* _Task material_:
————————

Program Definition pathop_scale (a : R) (T : op) : op :=
  @PathOp x0 (fun f y => a * T f y) _ _.
Next Obligation. by apply: functional_extensionality => y; rewrite pathopD mulrDr. Qed.
Next Obligation.
by apply: functional_extensionality => y; rewrite pathopZ mulrA (mulrC a) mulrA.
Qed.

Lemma pathop_addA : associative pathop_add.
Proof. by move=> *; apply: pathop_ext => f y /=; rewrite addrA. Qed.
Lemma pathop_addC : commutative pathop_add.
Proof. by move=> *; apply: pathop_ext => f y /=; rewrite addrC. Qed.
Lemma pathop_add0 : left_id pathop0 pathop_add.
Proof. by move=> *; apply: pathop_ext => f y /=; rewrite add0r. Qed.
Lemma pathop_addN : left_inverse pathop0 pathop_opp pathop_add.
Proof. by move=> *; apply: pathop_ext => f y /=; rewrite addNr. Qed.

HB.instance Definition _ :=
  GRing.isZmodule.Build op pathop_addA pathop_addC pathop_add0 pathop_addN.

Lemma pathop_mulA : associative pathop_mul.
Proof. by move=> *; apply: pathop_ext. Qed.
Lemma pathop_mul1 : left_id pathop1 pathop_mul.
Proof. by move=> *; apply: pathop_ext. Qed.
Lemma pathop_mulr1 : right_id pathop1 pathop_mul.
Proof. by move=> *; apply: pathop_ext. Qed.
Lemma pathop_mulDl : left_distributive pathop_mul (@GRing.add op).
Proof. by move=> *; apply: pathop_ext. Qed.
Lemma pathop_mulDr : right_distributive pathop_mul (@GRing.add op).
Proof. by move=> T U V; apply: pathop_ext => f y /=; rewrite pathopD. Qed.
Lemma pathop1_neq0 : pathop1 != 0.
Proof.
apply/eqP => /(congr1 (fun T : op => T (fun _ => 1) x0)) /= /eqP.
by rewrite oner_eq0.
Qed.

HB.instance Definition _ := GRing.Zmodule_isNzRing.Build op
  pathop_mulA pathop_mul1 pathop_mulr1 pathop_mulDl pathop_mulDr pathop1_neq0.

————————

* _To do_: Copy out the records once more, exactly as they are written.

* _Answer section_:
Program Definition pathop_scale (a : R) (T : op) : op :=
  @PathOp x0 (fun f y => a * T f y) _ _.
Next Obligation. by apply: functional_extensionality => y; rewrite pathopD mulrDr. Qed.
Next Obligation.
by apply: functional_extensionality => y; rewrite pathopZ mulrA (mulrC a) mulrA.
Qed.

Lemma pathop_addA : associative pathop_add.
Proof. by move=> *; apply: pathop_ext => f y /=; rewrite addrA. Qed.
Lemma pathop_addC : commutative pathop_add.
Proof. by move=> *; apply: pathop_ext => f y /=; rewrite addrC. Qed.
Lemma pathop_add0 : left_id pathop0 pathop_add.
Proof. by move=> *; apply: pathop_ext => f y /=; rewrite add0r. Qed.
Lemma pathop_addN : left_inverse pathop0 pathop_opp pathop_add.
Proof. by move=> *; apply: pathop_ext => f y /=; rewrite addNr. Qed.

HB.instance Definition _ :=
  GRing.isZmodule.Build op pathop_addA pathop_addC pathop_add0 pathop_addN.

Lemma pathop_mulA : associative pathop_mul.
Proof. by move=> *; apply: pathop_ext. Qed.
Lemma pathop_mul1 : left_id pathop1 pathop_mul.
Proof. by move=> *; apply: pathop_ext. Qed.
Lemma pathop_mulr1 : right_id pathop1 pathop_mul.
Proof. by move=> *; apply: pathop_ext. Qed.
Lemma pathop_mulDl : left_distributive pathop_mul (@GRing.add op).
Proof. by move=> *; apply: pathop_ext. Qed.
Lemma pathop_mulDr : right_distributive pathop_mul (@GRing.add op).
Proof. by move=> T U V; apply: pathop_ext => f y /=; rewrite pathopD. Qed.
Lemma pathop1_neq0 : pathop1 != 0.
Proof.
apply/eqP => /(congr1 (fun T : op => T (fun _ => 1) x0)) /= /eqP.
by rewrite oner_eq0.
Qed.

HB.instance Definition _ := GRing.Zmodule_isNzRing.Build op
  pathop_mulA pathop_mul1 pathop_mulr1 pathop_mulDl pathop_mulDr pathop1_neq0.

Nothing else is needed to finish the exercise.